Datasets / Models / Documentation

Public datasets and model releases behind the work.

This page is a clean map of the public artifacts that matter most: speech datasets, large Amharic corpora, Shook ASR checkpoints, and the Gemma CPT and SFT line. It is meant to make the technical signal legible without forcing people to dig through profiles and activity feeds.

wxl_amh

Speech / 3k rows / Waxal Amharic audio transcriptions

The speech dataset that should lead the page. It makes the Amharic voice-data work legible immediately and ties directly to the Waxal gap you called out.

  • 3k rows
  • 988 audio files in repo tree
  • Speech + transcription

Documentation

  • Best public proof point for the voice-data side of the work.
  • Useful for ASR training, transcription workflows, and speech evaluation in Amharic.
  • Pairs naturally with the Shook speech models on the same page.

amharic-combined-corpus

Text / 10.1M rows / combined Amharic corpus

The strongest text-scale artifact to highlight.
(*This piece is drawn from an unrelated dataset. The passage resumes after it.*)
(* Let $C$ be a finite set of level constraints in normal form with $\mathcal{I}(C) \cap \mathcal{I}_{fresh} = \emptyset$. If $C; id \leadsto^* \bot$ by a finite sequence of unification steps, then there is no level substitution $\theta$ with $\theta \vDash C$.
   Context: Levels: $l ::= i \mid \mathtt{z} \mid \mathtt{s}\,l \mid l \sqcup l'$, $i$ in an infinite totally ordered set $\mathcal{I}$ of level variables; $\simeq$ is the smallest congruence (closed under constructors and substitution of levels for variables) containing $i_1 \sqcup (i_2 \sqcup i_3) \approx (i_1 \sqcup i_2) \sqcup i_3$, $i_1 \sqcup i_2 \approx i_2 \sqcup i_1$, $\mathtt{s}(i_1 \sqcup i_2) \approx \mathtt{s}\,i_1 \sqcup \mathtt{s}\,i_2$, $i \sqcup \mathtt{s}\,i \approx \mathtt{s}\,i$, $i \sqcup \mathtt{z} \approx i$, $i \sqcup i \approx i$. Normal form of levels: $\mathtt{s}^k\,\mathtt{z} \sqcup (\sqcup_{i \in V} \mathtt{s}^{n_i}\,i)$ with $V$ a strictly increasing sequence of variables, $n_i \le k$; every $l$ has a unique normal form $\hat l \simeq l$. A constraint $l_1 = l_2$ is in normal form if both sides are in normal form, each variable occurring on both sides has the same exponent on both sides, and at least one exponent (of $\mathtt{z}$ or of a variable, on either side) is $0$; $\widehat{C}$ denotes putting each constraint of $C$ in normal form (normalize both sides, for a variable on both sides drop the occurrence with smaller exponent, then subtract the minimum exponent from all exponents). $\theta \vDash C$ means $l_1\theta \simeq l_2\theta$ for all $l_1 = l_2 \in C$. $id$ is the identity substitution. For substitutions: $dom\,\theta = \{i \mid i\theta \ne i\}$; $\mathcal{I}(l)$ is the set of variables of $l$; $range\,\theta = \bigcup_{i \in dom\,\theta} \mathcal{I}(i\theta)$; $\mathcal{I}(\theta) = dom\,\theta \cup range\,\theta$; $\widehat{\theta} = \{i \mapsto \widehat{i\theta}\}_{i \in dom\,\theta}$; $\theta\{l/j\} = \{i \mapsto (i\theta)\{l/j\}\}_{i \in dom\,\theta}$; $\mathcal{I}_{fresh} \subsetneq \mathcal{I}$ is a fixed infinite set of fresh variables. In normal-form levels, $\mathtt{z} \sqcup i$ means $\mathtt{s}^0\mathtt{z} \sqcup \mathtt{s}^0 i$, and ''$\mathtt{s}^m\,x \in l$'' means $\mathtt{s}^m\,x$ is a summand of $l$. The unification steps on pairs $C;\theta$ are: (Trivial) $\{l = l\} \cup C; \theta \leadsto C; \theta$. (Orient) $\{l = l'\} \cup C; \theta \leadsto \{l' = l\} \cup C; \theta$ if $l'$ is $\mathtt{z}$ or $\mathtt{z} \sqcup i$. (Eliminate 1) $\{\mathtt{z} \sqcup i = l\} \cup C; \theta \leadsto \widehat{C\{l/i\}}; (\widehat{\theta\{l/i\}}, i \mapsto l)$ if $i$ does not occur in $l$. (Eliminate 2) $\{\mathtt{z} \sqcup i = l\} \cup C; \theta \leadsto \widehat{C\{l'/i\}}; (\widehat{\theta\{l'/i\}}, i \mapsto l')$ where $l' = l\{i'/i\}$ for some $i' \in \mathcal{I}_{fresh} \setminus \mathcal{I}(i, l, C, \theta)$, if $\mathtt{s}^0\,i \in l$. (Decompose) $\{\mathtt{z} = \mathtt{z} \sqcup (\sqcup_{i \in V} i)\} \cup C; \theta \leadsto \{\mathtt{z} \sqcup i = \mathtt{z}\}_{i \in V} \cup C; \theta$. (Clash) $\{\mathtt{z} = l\} \cup C; \theta \leadsto \bot$ if $\mathtt{s}^n\,i \in l$ or $\mathtt{s}^n\,\mathtt{z} \in l$ for some $n \ne 0$. *)

From HB Require Import structures.
From mathcomp Require Import all_boot.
It gives the page real substance on the corpus side and supports pretraining, adaptation, and downstream evaluation.

  • 10.1M rows
  • 2.29 GB
  • 50 downloads last month

Documentation

  • The Hugging Face viewer reports 10,056,352 rows in the train split.
  • Most relevant as the text-layer proof behind Amharic model adaptation work.
  • Belongs next to the Gemma CPT line because the story is corpus first, model second.

wikipedia-amharic

Bilingual text / 55.8k rows / English-Amharic Wikipedia

A clean bilingual knowledge asset with real documentation behind it. It is one of the easiest releases on the page for investors, journalists, and researchers to understand quickly.

  • 55.8k rows
  • Apache-2.0
  • English + Amharic

Documentation

  • Translated by Addis AI - Aleph and documented as a parallel English-Amharic corpus.
  • Useful for translation, retrieval, QA, and knowledge-grounded language work.
  • Good supporting proof because it is both technically relevant and easy to explain.

shook-medium-amharic-2k

ASR / 0.8B params / WER 9.1091

The clearest public speech-model proof point on the page. It publishes evaluation numbers, download activity, and training hyperparameters, which makes it the strongest Shook release to lead with.
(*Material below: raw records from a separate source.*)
Lemma drift_below n : (n.+1 < i)%N ->
  \sum_(y < n.+3) Qbar p n.+1 y * lyap y <= -1.
Proof.
move=> n_lt_i; rewrite Qbar_row binomial_expect_lyap_lin; last lia.
rewrite /lyap !ifT; [|lia|lia].
set E := (X in X <= _).
have -> : E = -1 - n%:R * p / 2.
  by rewrite /E /lin_coef -!natr1; field; rewrite gt_eqF.
by rewrite gerDl oppr_le0 divr_ge0 // mulr_ge0 // ltW.
Qed.

Lemma log_increment_le n : n.+2%:R * (ln n.+2%:R - ln n.+1%:R) <= 1 + n.+1%:R^-1 :> R.
Proof.
have inv_n1 : n.+2%:R / n.+1%:R = 1 + n.+1%:R^-1 :> R.
  by rewrite -natr1 mulrDl divff ?mul1r // pnatr_eq0.
have := ln_le_tangent _ _ (ltr0Sn R n.+1) (ltr0Sn R n).
rewrite inv_n1 addrAC subrr add0r -lerBlDl => ln_incr.
by apply: le_trans (ler_wpM2l (ler0n R n.+2) ln_incr) _; rewrite -inv_n1.
Qed.

Lemma ln_mean_le0 n : ln (1 + n%:R * p) - ln n.+1%:R <= 0.
Proof.
rewrite subr_le0 ler_ln ?posrE ?ltr0Sn //; last by rewrite ltr_pwDl // mulr_ge0 // ltW.
by rewrite -natr1 addrC lerD2r ler_piMr // ltW.
Qed.

Lemma ln_mean_le n : ln (1 + n%:R * p) - ln n.+1%:R <= ln p + (n.+1%:R * p)^-1.
Proof.
have np_gt0 : 0 < n.+1%:R * p by rewrite mulr_gt0 ?ltr0Sn.
have mu_gt0 : 0 < 1 + n%:R * p by rewrite ltr_pwDl // mulr_ge0 ?ler0n // ltW.
have mu_ratio : (1 + n%:R * p) / (n.+1%:R * p) - 1 <= (n.+1%:R * p)^-1.
  rewrite lerBlDr ler_pdivrMr // mulrDl mulVf ?gt_eqF // mul1r lerD2l.
  by rewrite -natr1 mulrDl mul1r lerDl ltW.
have := ln_le_tangent _ _ mu_gt0 np_gt0; rewrite lnM ?posrE ?ltr0Sn // => tangent.
by rewrite lerBlDl addrA; apply: le_trans tangent _; rewrite lerD2l.
Qed.

Lemma log_drift_le2 n : log_drift n <= 2.
Proof.
apply: le_trans (lerD (log_increment_le n) (ln_mean_le0 n)) _.
by rewrite addr0 -[leRHS]/(1 + 1) lerD2l invf_le1 ?ler1n ?ltr0Sn.
Qed.

Lemma log_drift_le n : (gap_index <= n.+1)%N -> log_drift n <= - log_gap / 2.
Proof.
move=> gap_le; apply: le_trans (lerD (log_increment_le n) (ln_mean_le n)) _.
set u := n.+1%:R^-1; set w := (n.+1%:R * p)^-1.
have np_gt0 : 0 < n.+1%:R * p by rewrite mulr_gt0 ?ltr0Sn.
have u_le_w : u <= w by rewrite lef_pV2 ?posrE ?ltr0Sn // ger_pMr ?ltr0Sn // ltW.
have w_small : 4 * w < log_gap.
  have : 4 / (p * log_gap) < n.+1%:R.
    by apply: lt_le_trans (truncnS_gt _) _; rewrite ler_nat.
  rewrite ltr_pdivrMr ?mulr_gt0 ?log_gap_gt0 // => lt4.
  rewrite -[log_gap](mulfK (lt0r_neq0 np_gt0)) ltr_pM2r ?invr_gt0 //.
  by rewrite mulrC -mulrA.
move: u_le_w w_small; rewrite /log_gap; move: (ln p) => L; lra.
Qed.

Lemma jump_gap_pays n : (n.+1 < gap_index)%N ->
  1 + 2 * p * log_coef <= p * (1 - p) ^+ n * jump_gap.
Proof.
move=> n_lt; set K := 1 + 2 * p * log_coef.
have K_gt0 : 0 < K by rewrite addr_gt0 // mulr_gt0 ?log_coef_gt0 // mulr_gt0.
have q_gt0 : 0 < 1 - p by rewrite subr_gt0.
rewrite /jump_gap -/K mulrCA ler_pMr // invfM mulrACA mulfV ?gt_eqF // mul1r.
rewrite ler_pdivlMr ?exprn_gt0 // mul1r.
apply: ler_wiXn2l; [exact: ltW | by rewrite lerBlDr lerDl ltW | exact: ltnW (ltnW n_lt)].
Qed.

Lemma drift_above n : (i < n.+1)%N ->
  \sum_(y < n.+3) Qbar p n.+1 y * lyap y <= -1.
Proof.
move=> i_lt_n1; rewrite Qbar_row !lyap_log; [|lia|lia].
have S_le := ler_wpM2l (ltW p_gt0) (binomial_expect_lyap n).
apply: le_trans (lerD (lerD (lexx _) S_le) (lexx _)) _.
set X := (X in X <= _).
have -> : X = p * log_coef * log_drift n - p * (1 - p) ^+ n * jump_gap.
  by rewrite /X /log_drift -!natr1; ring.
have gap_ge0 : 0 <= p * (1 - p) ^+ n * jump_gap.
  by rewrite mulr_ge0 // mulr_ge0 ?exprn_ge0 // ?subr_ge0 ltW.
have pC_gt0 : 0 < p * log_coef by rewrite mulr_gt0 ?log_coef_gt0.
case: (ltnP n.+1 gap_index) => [small|large].
  have := ler_wpM2l (ltW pC_gt0) (log_drift_le2 n).
  have := jump_gap_pays n small; rewrite -[2 * p * _]mulrA.
  by move: (p * log_coef) (p * _ * jump_gap) => pC G; lra.
have := ler_wpM2l (ltW pC_gt0) (log_drift_le n large).
rewrite [X in _ <= X]mulrA mulrN log_coefE.
by move: (p * _ * jump_gap) gap_ge0 => G; lra.
Qed.

Lemma Qbar_lyap_drift x : (0 < x)%N -> x != i ->
  \sum_(y < x.+2) Qbar p x y * lyap y <= -1.
Proof.
case: x => // n _ n_neq_i.
by case: (ltngtP n.+1 i) n_neq_i => [/drift_below|/drift_above|->] //; rewrite eqxx.
Qed.

End QbarLyapunov.

Theorem corollary7 (R : realType) (p : R) :
  0 < p -> p < expR (-1) -> positive_recurrent (Qbar p) Nat1.
Proof.
move=> p_gt0 p_lt_expRN1 i i_gt0.
have p_lt1 := lt_trans p_lt_expRN1 (expRN1_lt1 R).
apply: (positive_recurrent_state_of_drift R (Qbar p) _ _ _ _ _ _ i i_gt0
  (lyap R p i) _ _ (3 * p)).
- exact: jump_rate_Qbar_ge0.
- exact: jump_rate_Qbar_gt0.
- exact: Qbar_ge0.
- exact: Qbar_to0.
- exact: Qbar_skip_free.
- exact: Qbar_conservative.
- exact: lyap_ge0.
- exact: Qbar_lyap_drift.
- exact: jump_rate_Qbar_le.
Qed.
  • 420 downloads last month
  • 0.8B params
  • WER 9.1091
  • LR 1e-5 / batch 16 / grad acc 4 / 2 epochs

Documentation

  • Current Hugging Face card includes a full training-results table and public hyperparameters.
  • Best Shook model to lead with because it is measurable, not just described.
  • Strongest public link between the speech data layer and the deployed ASR story.

shook-tiny-amharic-600hr

ASR / 37.8M params / WER 22.1786

The smaller, lighter end of the Shook speech stack. It matters because it shows the work is not only a single flagship checkpoint.

  • 37.8M params
  • Fine-tuned from whisper-tiny
  • WER 22.1786

Documentation

  • Training card exposes hyperparameters including lr 3e-5, batch size 96, and 2 epochs.
  • Good supporting proof for compact speech deployment work.
  • Most useful when shown as the smaller companion to shook-medium-amharic-2k.
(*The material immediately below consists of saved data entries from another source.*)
Lemma gap_mul_hseq_cvg0 (alpha : R) : rho < alpha ->
  (fun p => D p * hseq alpha (t p)) @ \oo --> 0.
Proof.
move=> rho_alpha; have alpha0 : 0 < alpha by apply: lt_trans rho_alpha.
have lnT_cvg0 : ln x * x `^ (- (alpha - rho)) / c @[x --> +oo] --> 0.
  rewrite -(mul0r c^-1); apply: cvgM; last exact: cvg_cst.
  by apply: ln_mul_powRN_cvgy0; rewrite subr_gt0.
have powT_cvg0 : (C + 1) * x `^ (- alpha) @[x --> +oo] --> 0.
  by rewrite -(mulr0 (C + 1)); apply: cvgM; [exact: cvg_cst | exact: powRN_cvgy0].
have : ln x * x `^ (- (alpha - rho)) / c + (C + 1) * x `^ (- alpha)
       @[x --> +oo] --> 0 by rewrite -[0]addr0; exact: cvgD lnT_cvg0 powT_cvg0.
move/(cvg0_norm_le_comp t_cvgy); apply; apply: nearW => p.
have [D0 T0] : 0 <= D p /\ 0 < T p.
  by split; [apply: le_trans (gap_ge1 p) | apply: lt_le_trans (t_ge1 p)].
have h0 : 0 <= hseq alpha (t p) by exact: powR_ge0.
have -> : T p `^ (- (alpha - rho)) = T p `^ rho * hseq alpha (t p).
  by rewrite -powRD ?(gt_eqF T0) ?implybT // opprB addrC.
have -> : ln (T p) * (T p `^ rho * hseq alpha (t p)) / c + (C + 1) * hseq alpha (t p)
          = (T p `^ rho * ln (T p) / c + C + 1) * hseq alpha (t p) by ring.
rewrite ger0_norm ?mulr_ge0 //; exact: ler_pM D0 h0 (gap_le p) (lexx _).
Qed.

Lemma gap_mul_sum_hseq_sqr_cvg0 (alpha : R) : rho < alpha ->
  (fun p => D p * \sum_((t p).+1 <= s < t p.+1) hseq alpha s ^+ 2) @ \oo --> 0.
Proof.
move=> rho_alpha; have alpha0 : 0 < alpha by apply: lt_trans rho_alpha.
have w0 := gap_mul_hseq_cvg0 rho_alpha.
have : (fun p => D p * hseq alpha (t p) * (D p * hseq alpha (t p))) @ \oo --> 0.
  by rewrite -(mulr0 0); exact: (cvgM w0 w0).
apply: (squeeze_cvgr _ (cvg_cst 0)); apply: nearW => p /=.
have D0 : 0 < D p by apply: lt_le_trans (gap_ge1 p).
have t_le : (t p <= t p.+1)%N by rewrite -(ler_nat R) -subr_ge0 ltW.
have S_le := sum_hseq_sqr_le (ltW alpha0) (t_gt0 p) t_le.
rewrite mulr_ge0 ?sumr_ge0 ?(ltW D0) //=; last by move=> s _; exact: sqr_ge0.
have -> : D p * hseq alpha (t p) * (D p * hseq alpha (t p))
          = D p * (D p * hseq alpha (t p) ^+ 2) by ring.
by rewrite ler_pM2l.
Qed.

Lemma hseq_t_decreasing (alpha : R) p : 0 < alpha ->
  hseq alpha (t p.+1) < hseq alpha (t p).
Proof.
move=> alpha0; have [T1 D1] := (t_ge1 p, gap_ge1 p).
have [T0 T'0] : 0 < T p /\ 0 < T p.+1 by split; lra.
rewrite /hseq !powRN ltf_pV2 ?posrE ?powR_gt0 //.
by rewrite gt0_ltr_powR ?nnegrE //; lra.
Qed.

Lemma limn_einf_hseq_powR (alpha : R) :
  limn_einf (fun p => (hseq alpha (t p) * T p `^ alpha
                       + T p `^ (- alpha) / hseq alpha (t p))%:E) = 2%:E.
Proof.
have -> : (fun p => (hseq alpha (t p) * T p `^ alpha
                     + T p `^ (- alpha) / hseq alpha (t p))%:E) = cst 2%:E.
  apply/funext => p; have Tr0 : 0 < T p `^ alpha.
    by apply: powR_gt0; apply: lt_le_trans (t_ge1 p).
  by rewrite /hseq powRN mulVf ?divff ?gt_eqF ?invr_gt0.
exact: (cvg_limn_einf_sup (cvg_cst _)).1.
Qed.

Lemma limn_esup_gap_ratio_lty :
  (limn_esup (fun p => (D p.+1 / D p)%:E) < +oo)%E.
Proof.
apply: le_lt_trans (limn_esup_le (M := (K * ln K * L / c + K / c ^+ 2 + C + 1)%:E) _)
  (ltry _) => p.
by rewrite lee_fin ler_pdivrMr ?gap_succ_le //; apply: lt_le_trans (gap_ge1 p).
Qed.

Lemma zeta_gap_sum_cvg0 (zeta : R -> \bar R) (k : R) :
  1 <= k -> 1 <= rho * k -> neg_log_limsup zeta ->
  (fun p => eabs_invpow (zeta (T p)) (2 * k) *
            \sum_(1 <= i < p.+1) (T i - T i.-1) `^ (- k)) @ \oo --> 0.
Proof.
move=> k1 rk zeta_neg.
have : (L `^ k + 1) * (eabs_invpow (zeta x) (2 * k) * ln x) @[x --> +oo] --> 0.
  by rewrite -(mulr0 (L `^ k + 1)); apply: cvgM; [exact: cvg_cst | exact: eabs_invpow_ln_cvgy0].
move/(cvg0_norm_le_comp t_cvgy); apply; apply: nearW => p.
have E0 : 0 <= eabs_invpow (zeta (T p)) (2 * k).
  by case: (zeta (T p)) => //= r; exact: powR_ge0.
rewrite ger0_norm ?mulr_ge0 ?sumr_ge0 //; last by move=> i _; exact: powR_ge0.
by rewrite mulrCA ler_wpM2l ?sum_gap_powRN_le.
Qed.

End GapSequence.

Lemma hseq_powRN_inv (R : realType) (alpha : R) (n : nat) : 0 < alpha ->
  hseq alpha n `^ (- alpha^-1) = n%:R.
Proof.
move=> alpha0; rewrite /hseq -powRrM mulrNN mulfV ?gt_eqF //.
by rewrite powRr1 ?ler0n.
Qed.

Lemma indN_nat (R : realType) (n : nat) : (0 < n)%N -> indN (n%:R : R) = 1.
Proof. by move=> n0; rewrite /indN asboolT //; exists n. Qed.

Theorem proposition2 (R : realType)
  (C alpha rho c : R) (t0 : nat) (t : nat -> nat) (Cs : nat -> R)
  (hC : 1 <= C) (halpha : 0 < alpha)
  (hrho0 : 0 < rho) (hrho1 : rho < Num.min alpha 1)
  (hc0 : 0 < c) (hc1 : c < 1)
  (ht0pos : (0 < t0)%N) (ht0 : t 0%N = t0)
  (hCs : forall p, c * (t p)%:R `^ rho <= Cs p <= (t p)%:R `^ rho / c)
  (hrec : forall p, ((t p.+1)%:R : R) =
          (t p)%:R + (Num.ceil (Num.max (Cs p * ln (t p)%:R) C))%:~R) :
  let h := hseq alpha in
  (* (1) *)
  ((fun p : nat => ln (h (t p)) / ((t p.+1)%:R - (t p)%:R)) @ \oo --> (0 : R))
  /\ ((fun p : nat => ((t p.+1)%:R - (t p)%:R) *
                \sum_((t p).+1 <= s < t p.+1) h s ^+ 2) @ \oo --> (0 : R))
  (* (2) *)
  /\ (forall p, h (t p.+1) < h (t p))
  /\ (exists2 alpha' : R, 0 < alpha' &
        ((0 : \bar R) < limn_einf (fun p : nat => ((h (t p)) * (t p)%:R `^ alpha'
                                 + (t p)%:R `^ (- alpha') / h (t p))%:E))%E)
  (* (3) *)
  /\ (limn_esup (fun p : nat => (((t p.+2)%:R - (t p.+1)%:R)
                           / ((t p.+1)%:R - (t p)%:R))%:E) < (+oo : \bar R))%E
  (* (4) *)
  /\ (forall (d : nat) (dO dY : measure_display)
        (Om : measurableType dO) (Y : measurableType dY) (P : probability Om R)
        (Ys : nat -> Om -> Y) (nu : {measure set Y -> \bar R})
        (Theta : set 'rV[R]_d) (f : 'rV[R]_d -> Y -> R) (theta_s : 'rV[R]_d)
        (k : R),
        iid_seq P Ys -> density_model P Ys nu Theta f theta_s ->
        (k = 2^-1 \/ exists n : nat, (0 < n)%N /\ k = n%:R) ->
        (1 + rho) / rho < k ->
        let S := fun p : nat =>
          \sum_(1 <= i < p.+1) ((t i)%:R - (t i.-1)%:R) `^ (- (k * indN k)) in
        let concl := fun zeta : R -> \bar R =>
          exists2 beta : R, 0 < beta &
            ((fun p : nat => eabs_invpow (zeta (h (t p) `^ (- beta))) (2 * k) * S p)
               @ \oo --> (0 : R)) in
        (A6_i P Ys Theta f theta_s k -> concl (zeta1 P Ys Theta f theta_s))
        /\ (A6_ii P Ys Theta f theta_s -> concl (zeta2 P Ys Theta f theta_s))
        /\ (A6_iii P Ys Theta f theta_s k -> concl (zeta3 P Ys Theta f theta_s))).
Proof.
have [rho_alpha rho1] : rho < alpha /\ rho < 1 by move: hrho1; rewrite lt_min => /andP.
have t0_gt0 : (0 < t 0)%N by rewrite ht0.
move=> h; split; first exact: (ln_hseq_div_gap_cvg0 hC hrho0 hc0 t0_gt0 hCs hrec halpha).
split; first exact: (gap_mul_sum_hseq_sqr_cvg0 hC hrho0 hc0 t0_gt0 hCs hrec rho_alpha).
split; first by move=> p; exact: (hseq_t_decreasing hC t0_gt0 hrec p halpha).
split; first by exists alpha; rewrite // (limn_einf_hseq_powR hC t0_gt0 hrec) lte_fin.
split; first exact: (limn_esup_gap_ratio_lty hC hrho0 rho1 hc0 t0_gt0 hCs hrec).
move=> d dO dY Om Y P Ys nu Theta f theta_s k _ _ k_dom k_big S concl.
have k_rho : 1 + rho < k * rho by rewrite -ltr_pdivrMr.
have [n n0 k_n] : exists2 n : nat, (0 < n)%N & k = n%:R.
  case: k_dom => [k_half | [n [n0 ->]]]; last by exists n.
  by move: k_rho; rewrite k_half; lra.
subst k.
have k1 : 1 <= (n%:R : R) by rewrite ler1n.
have rk : 1 <= rho * n%:R.
  by rewrite mulrC ltW // (le_lt_trans _ k_rho) // lerDl ltW.
have conclP zeta : neg_log_limsup zeta -> concl zeta.
  move=> zeta_neg; exists alpha^-1; first by rewrite invr_gt0.
  rewrite /S indN_nat // mulr1; under eq_fun do rewrite hseq_powRN_inv //.
  exact: (zeta_gap_sum_cvg0 hC hrho0 rho1 hc0 t0_gt0 hCs hrec k1 rk zeta_neg).
by split; [case=> _ /conclP | split=> [/conclP | [_ /conclP]]].
Qed.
gemma-2-27b-amharic-alpaca-sft

Amharic SFT track / 27B class model

The supervised fine-tuning layer in the Gemma Amharic line. It is the clearest public signal that the model work extends beyond speech into instruction-following language systems.

  • 27B class
  • SFT track
  • Instruction-following

Documentation

  • Model card states that it is fine-tuned on top of gemma-2-27b-amharic-cpt.
  • Supports conversational interactions in Amharic.
  • Best framed as the top of the stack after corpus work and continued pretraining.

gemma-2-27b-amharic-cpt

Amharic CPT track / 27B class model

The continued pretraining track in the Gemma Amharic line. It is the right model to highlight when you want to show foundation-model adaptation rather than only application-layer fine-tuning.

  • 27B class
  • ~2B tokens of Amharic
  • Expanded tokenizer

Documentation

  • Model card says the tokenizer was expanded from the original 256k vocabulary to better cover Amharic script.
  • Continual pretraining was done on roughly 2B tokens of Amharic corpus data.
  • This is the cleanest public proof that the stack reaches the foundation-model adaptation layer.

Dataset

Open

amharic_courpus_tg_1

Text / 477k rows / Amharic corpus release

A useful mid-scale corpus release that broadens the public Amharic text layer beyond the flagship combined corpus.

Dataset

Open

the-stack-amharic

Code + translation / Amharic developer dataset

A more niche release, but a strategically important one because it points toward developer tooling and code-oriented Amharic infrastructure.

Model

Open

shook-900-base

Base model / 72.6M params

A base Shook checkpoint that helps make the model family visible beyond the tuned Amharic releases.